Os processos educativos no âmbito do sistema de ensino brasileiro – tanto no âmbito da educação básica quanto nos marcos do ensino superior – são geridos conforme um direcionamento conservador e tecnocrático, o qual visa assepsiar qualquer tendência que busque o desenvolvimento do conhecimento crítico e autônomo, voltado à apreensão das particularidades que configuram nossa sociedade.

Essas tendências são reconfiguradas diante das transformações societárias desencadeadas a partir dos anos de 1980 no cenário internacional, período marcado pela expansão do mercado financeiro, por mudanças no mundo do trabalho e desregulamentação dos direitos sociais.

Contraditoriamente, nos anos de 1980, o Brasil vivenciava um acalorado contexto político diante do processo de crise do regime ditatorial – predominante no país por vinte anos (1964 a 1984) – e abertura política com o processo de redemocratização. Nesse período, o país presenciou o fortalecimento e a intensificação das mobilizações sociais que ocorreram frente ao regime autocrático, denunciando suas barbáries, as precárias condições de vida vivenciadas pela sociedade brasileira e reivindicando o reconhecimento e as conquistas de direitos historicamente infringidos pelo Estado.

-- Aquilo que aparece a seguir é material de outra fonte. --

Lemma ex_series2_lin (F G : nat -> nat -> R) (al be : R) :
  ex_series2 F -> ex_series2 G -> ex_series2 (fun n0 n1 => al * F n0 n1 + be * G n0 n1).
Proof.
  intros [F1 F2] [G1 G2]. split.
  - intros n0. apply ex_series_lin; [apply F1 | apply G1].
  - apply (ex_series_ext (fun n0 => al * Series (F n0) + be * Series (G n0))).
    + intros n0. symmetry. apply Series_lin; [apply F1 | apply G1].
    + apply ex_series_lin; assumption.
Qed.

Lemma Series2_lin (F G : nat -> nat -> R) (al be : R) :
  ex_series2 F -> ex_series2 G ->
  Series2 (fun n0 n1 => al * F n0 n1 + be * G n0 n1) = al * Series2 F + be * Series2 G.
Proof.
  intros [F1 F2] [G1 G2]. unfold Series2.
  rewrite (Series_ext _ (fun n0 => al * Series (F n0) + be * Series (G n0)))
    by (intros n0; apply Series_lin; [apply F1 | apply G1]).
  apply Series_lin; assumption.
Qed.

Lemma Series2_mul (p q : nat -> R) : Series2 (fun n0 n1 => p n0 * q n1) = Series p * Series q.
Proof.
  unfold Series2. rewrite <- Series_scal_r. apply Series_ext. intros n0. apply Series_scal_l.
Qed.

Lemma exp_le_compat (x y : R) : x <= y -> exp x <= exp y.
Proof. intros [H|H]; [left; apply exp_increasing, H | right; rewrite H; reflexivity]. Qed.

Lemma exp_le_1 (x : R) : x <= 0 -> exp x <= 1.
Proof. intros H. rewrite <- exp_0. apply exp_le_compat, H. Qed.

Lemma exp_ge_1 (x : R) : 0 <= x -> 1 <= exp x.
Proof. intros H. pose proof (exp_ineq1_le x). lra. Qed.

Lemma exp_mul_exp_opp (x : R) : exp x * exp (- x) = 1.
Proof. rewrite <- exp_plus, Rplus_opp_r. apply exp_0. Qed.

Lemma mul_exp_opp_le_1 (x : R) : x * exp (- x) <= 1.
Proof.
  pose proof (exp_ineq1_le x). pose proof (exp_pos (- x)). pose proof (exp_mul_exp_opp x). nra.
Qed.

É importante destacar, nesse período, a aprovação da nova Constituição Federal em 1988, sendo esta um marco histórico no país no tocante ao reconhecimento de direitos sociais, a exemplo da instituição da seguridade social e das políticas educacionais que passam a ser legitimadas como políticas públicas estatais a serem efetivadas e garantidas mediante responsabilização do Estado.

Contudo, diante de uma conjuntura mundial de crise na esfera econômica e predomínio hegemônico, no campo político-econômico, do ideário neoliberal – o qual tem por principal mote orientador a adoção de políticas de reajustes fiscais e econômicos pelo Estado –, os direitos conquistados e reconhecidos na Carta Magna de 1988 não puderam ser plenamente efetivados como políticas públicas.

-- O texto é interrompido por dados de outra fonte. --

(* Let $(X,w)$ be a weighted set and let $f:(X,w)\to(F(X,w),\|\cdot\|)$ be the universal $\mathsf{WSet}$-morphism into the free bounded archimedean $\ell$-algebra $F(X,w)$ on $(X,w)$. Then $\|f(x)\|=w(x)$ for every $x\in X$.
   Context: An $\ell$-algebra is a commutative unital $\mathbb{R}$-algebra with a lattice order compatible with addition, with products and nonnegative scalar multiples of nonnegative elements nonnegative. It is bounded if each $a\le n\cdot1$ for some $n\in\mathbb{N}$, archimedean if $n\cdot a\le b$ for all $n$ implies $a\le0$. $\mathbf{bal}$ is the category of bounded archimedean $\ell$-algebras and unital $\ell$-algebra homomorphisms; $\|a\|=\inf\{r\mid a\vee(-a)\le r\cdot1\}$. A weighted set is $(X,w)$ with $w:X\to[0,\infty)$; $\mathsf{WSet}$-morphisms $(X_1,w_1)\to(X_2,w_2)$ are functions with $w_2(f(x))\le w_1(x)$. The free object $F(X,w)$ with $f:(X,w)\to(F(X,w),\|\cdot\|)$ is characterized by: $F(X,w)\in\mathbf{bal}$, $f$ is a $\mathsf{WSet}$-morphism, and for every $A\in\mathbf{bal}$ and $\mathsf{WSet}$-morphism $h:(X,w)\to(A,\|\cdot\|)$ there is a unique $\mathbf{bal}$-morphism $\bar\alpha:F(X,w)\to A$ with $\bar\alpha\circ f=h$ (such a free object exists). *)

From Stdlib Require Import Reals.
From Coquelicot Require Import Coquelicot.
Open Scope R_scope.

Record lalg := LAlg {
  car :> Type;
  zero : car; one : car;
  add : car -> car -> car; opp : car -> car; mul : car -> car -> car;
  scal : R -> car -> car;
  le : car -> car -> Prop;
  join : car -> car -> car; meet : car -> car -> car;
  addA : forall a b c, add a (add b c) = add (add a b) c;
  addC : forall a b, add a b = add b a;
  add0 : forall a, add zero a = a;
  addN : forall a, add (opp a) a = zero;
  mulA : forall a b c, mul a (mul b c) = mul (mul a b) c;
  mulC : forall a b, mul a b = mul b a;
  mul1 : forall a, mul one a = a;
  mulDl : forall a b c, mul (add a b) c = add (mul a c) (mul b c);
  scalDr : forall r a b, scal r (add a b) = add (scal r a) (scal r b);
  scalDl : forall r s a, scal (r + s) a = add (scal r a) (scal s a);
  scalA : forall r s a, scal (r * s) a = scal r (scal s a);
  scal1 : forall a, scal 1 a = a;
  scalMl : forall r a b, scal r (mul a b) = mul (scal r a) b;
  le_refl : forall a, le a a;
  le_anti : forall a b, le a b -> le b a -> a = b;
  le_trans : forall a b c, le a b -> le b c -> le a c;
  join_l : forall a b, le a (join a b);
  join_r : forall a b, le b (join a b);
  join_lub : forall a b c, le a c -> le b c -> le (join a b) c;
  meet_l : forall a b, le (meet a b) a;
  meet_r : forall a b, le (meet a b) b;
  meet_glb : forall a b c, le c a -> le c b -> le c (meet a b);
  le_add : forall a b c, le a b -> le (add a c) (add b c);
  mul_ge0 : forall a b, le zero a -> le zero b -> le zero (mul a b);
  scal_ge0 : forall r a, 0 <= r -> le zero a -> le zero (scal r a)
}.

Arguments zero {l}. Arguments one {l}. Arguments add {l}. Arguments opp {l}.
Arguments mul {l}. Arguments scal {l}. Arguments le {l}. Arguments join {l}.
Arguments meet {l}.

Definition bounded (A : lalg) : Prop :=
  forall a : A, exists n : nat, le a (scal (INR n) one).

Definition archimedean (A : lalg) : Prop :=
  forall a b : A, (forall n : nat, le (scal (INR n) a) b) -> le a zero.

Definition bal (A : lalg) : Prop := bounded A /\ archimedean A.

Definition lnorm (A : lalg) (a : A) : R :=
  real (Glb_Rbar (fun r => le (join a (opp a)) (scal r one))).

Definition is_bal_hom (A B : lalg) (g : A -> B) : Prop :=
  (forall a b, g (add a b) = add (g a) (g b)) /\
  (forall a b, g (mul a b) = mul (g a) (g b)) /\
  (forall r a, g (scal r a) = scal r (g a)) /\
  g one = one /\
  (forall a b, g (join a b) = join (g a) (g b)) /\
  (forall a b, g (meet a b) = meet (g a) (g b)).

Definition weighted (X : Type) (w : X -> R) : Prop := forall x, 0 <= w x.

Definition wset_mor (X : Type) (w : X -> R) (A : lalg) (h : X -> A) : Prop :=
  forall x, lnorm A (h x) <= w x.

Definition is_free_bal (X : Type) (w : X -> R) (F : lalg) (f : X -> F) : Prop :=
  bal F /\ wset_mor X w F f /\
  forall (A : lalg), bal A -> forall h : X -> A, wset_mor X w A h ->
    exists alpha : F -> A,
      (is_bal_hom F A alpha /\ forall x, alpha (f x) = h x) /\
      forall beta : F -> A, is_bal_hom F A beta -> (forall x, beta (f x) = h x) ->
        forall y, beta y = alpha y.

(* One inequality is built in: f is a WSet-morphism, so ||f x|| <= w x.
   For the other, we test the free object against the simplest bounded
   archimedean l-algebra, the real line R itself, in which ||r|| = |r|.
   Since the weights are nonnegative, w : (X, w) -> (R, |.|) is a
   WSet-morphism, so the universal property yields a unital l-algebra
   homomorphism alpha : F -> R with alpha (f x) = w x.  Any such real-valued
   homomorphism is monotone and commutes with negation, hence satisfies
   |alpha a| <= ||a|| on a bounded algebra; with a = f x this gives
   w x <= ||f x||. *)
From Stdlib Require Import Reals Lra.
From Coquelicot Require Import Coquelicot.
Open Scope R_scope.

Lemma glb_ge (E : R -> Prop) (c r0 : R) :
  E r0 -> (forall r, E r -> c <= r) -> c <= real (Glb_Rbar E).
Proof.
  intros HE Hlow. destruct (Glb_Rbar_correct E) as [Hlb Hglb].
  assert (Hc : Rbar_le (Finite c) (Glb_Rbar E)) by (apply Hglb; intros r Hr; apply Hlow, Hr).
  specialize (Hlb r0 HE).
  destruct (Glb_Rbar E); simpl in *; tauto.
Qed.

Lemma glb_ray (E : R -> Prop) (c : R) :
  (forall r, E r <-> c <= r) -> real (Glb_Rbar E) = c.
Proof.
  intros HE. rewrite (is_glb_Rbar_unique E (Finite c)); [reflexivity|].
  split.
  - intros r Hr. apply HE, Hr.
  - intros b Hb. apply Hb, HE, Rle_refl.
Qed.

Definition Ralg : lalg.
Proof.
  apply (LAlg R 0 1 Rplus Ropp Rmult Rmult Rle Rmax Rmin); intros; try ring; try lra.
  - apply Rmax_l.
  - apply Rmax_r.
  - apply Rmax_lub; assumption.
  - apply Rmin_l.
  - apply Rmin_r.
  - apply Rmin_glb; assumption.
  - apply Rmult_le_pos; assumption.
  - apply Rmult_le_pos; assumption.
Defined.

Lemma Ralg_bal : bal Ralg.
Proof.
  split.
  - intros a. destruct (INR_archimed 1 a) as [n Hn]; [lra|].
    exists n. simpl in *. lra.
  - intros a b Hab. simpl in *. destruct (Rle_dec a 0) as [|Hpos]; [assumption|].
    destruct (INR_archimed a b) as [n Hn]; [lra|].
    specialize (Hab n). lra.
Qed.

Lemma lnorm_Ralg (r : R) : lnorm Ralg r = Rabs r.
Proof.
  apply glb_ray. intros s. simpl.
  unfold Rmax, Rabs. destruct (Rle_dec r (- r)), (Rcase_abs r); split; intros; lra.
Qed.

(* Lattice homomorphisms are monotone, since a <= b iff a \/ b = b. *)
Lemma hom_mono (A B : lalg) (g : A -> B) :
  (forall a b, g (join a b) = join (g a) (g b)) ->
  forall a b, le a b -> le (g a) (g b).
Proof.
  intros Hjoin a b Hab.
  assert (Hb : join a b = b).
  { apply le_anti; [apply join_lub; [exact Hab | apply le_refl] | apply join_r]. }
  rewrite <- Hb, Hjoin. apply join_l.
Qed.

Lemma add_cancel (A : lalg) (a b c : A) : add a b = add a c -> b = c.
Proof.
  intros H.
  rewrite <- (add0 A b), <- (add0 A c), <- (addN A a), <- !addA, H.
  reflexivity.
Qed.

Lemma hom_opp (A B : lalg) (g : A -> B) :
  (forall a b, g (add a b) = add (g a) (g b)) ->
  forall a, g (opp a) = opp (g a).
Proof.
  intros Hadd a.
  assert (Hzero : g zero = zero).
  { apply (add_cancel B (g zero)). rewrite <- Hadd, !add0, addC, add0. reflexivity. }
  apply (add_cancel B (g a)). rewrite <- Hadd, addC, addN, (addC _ (g a)), addN.
  exact Hzero.
Qed.

(* A real-valued unital l-algebra homomorphism on a bounded l-algebra is a
   contraction: applying it to |a| <= r.1 gives |g a| <= r. *)
Lemma hom_Ralg_contraction (A : lalg) (g : A -> Ralg) :
  bounded A -> is_bal_hom A Ralg g -> forall a, Rabs (g a) <= lnorm A a.
Proof.
  intros Hbd (Hadd & _ & Hscal & Hone & Hjoin & _) a.
  destruct (Hbd (join a (opp a))) as [n Hn].
  apply (glb_ge _ _ (INR n) Hn). intros r Hr.
  apply (hom_mono _ _ _ Hjoin) in Hr.
  rewrite Hjoin, Hscal, Hone, (hom_opp _ _ _ Hadd) in Hr. simpl in Hr.
  unfold Rmax, Rabs in *. destruct (Rle_dec (g a) (- g a)), (Rcase_abs (g a)); lra.
Qed.

Theorem mainTheorem7 (X : Type) (w : X -> R) (hw : weighted X w)
  (F : lalg) (f : X -> F) (hF : is_free_bal X w F f) :
  forall x : X, lnorm F (f x) = w x.
Proof.
  intros x. destruct hF as [[Hbd _] [Hf Huniv]].
  assert (Hw : wset_mor X w Ralg w).
  { intros y. rewrite lnorm_Ralg, Rabs_pos_eq by apply hw. apply Rle_refl. }
  destruct (Huniv Ralg Ralg_bal w Hw) as [alpha [[Halpha Halpha_f] _]].
  apply Rle_antisym; [apply Hf|].
  rewrite <- (Rabs_pos_eq (w x)) by apply hw.
  rewrite <- Halpha_f. apply hom_Ralg_contraction; assumption.
Qed.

Sob a justificativa de pagamento da dívida externa e controle inflacionário, observamos a adoção de diversas medidas, pelo Estado brasileiro, que deslegitimaram esses direitos sociais, entregando-os à exploração predatória do capital e contribuindo, portanto, para a conquista de mais um campo de obtenção de lucros.

Com isso, intensifica-se o corte de recursos estatais para a manutenção dos serviços públicos, o que culminou na precarização da prestação desses serviços à população e ao sucateamento das instituições estatais. Em contrapartida, evidencia- se a expansão de instituições privadas que, diante da defasagem dos recursos públicos, beneficiam-se através da transmutação dos direitos em serviços privados, mercantilizáveis. Desse modo, as necessidades básicas da população são atendidas, nessa conjuntura, através da mediação do mercado, restando ao segmento populacional mais precarizado serviços públicos sucateados, precários e incapazes de atenderem à demanda populacional.

A partir década de 1990, no que tange às políticas educacionais voltadas ao ensino de nível superior, iremos identificar a adoção de diversas estratégias cujo objetivo fora garantir a expansão do processo de privatização desse nível de ensino e sua diversificação institucional, como forma de readequar as políticas educacionais brasileiras às prerrogativas postas pelos organismos internacionais, o que reforça o seu caráter hierarquizante e privatista, marcado pela histórica monopolização do seu acesso pela classe burguesa e estratos da classe média (NEVES; PRONKO, 2008).

Segundo as análises de Lima (2007), sob o discurso de promoção da democratização do acesso a esse nível de ensino e fortalecimento da autonomia universitária, essas medidas foram legitimadas através da aprovação de marcos legais que materializam os interesses políticos das frações burguesas que disputam o campo educacional brasileiro39. Dentre estes, destacamos como principais normativas orientadoras do campo educacional a Lei de Diretrizes e Bases da Educação (LDB) – Lei nº 9.394/96; e o Plano Nacional de Educação (PNE) de 2001.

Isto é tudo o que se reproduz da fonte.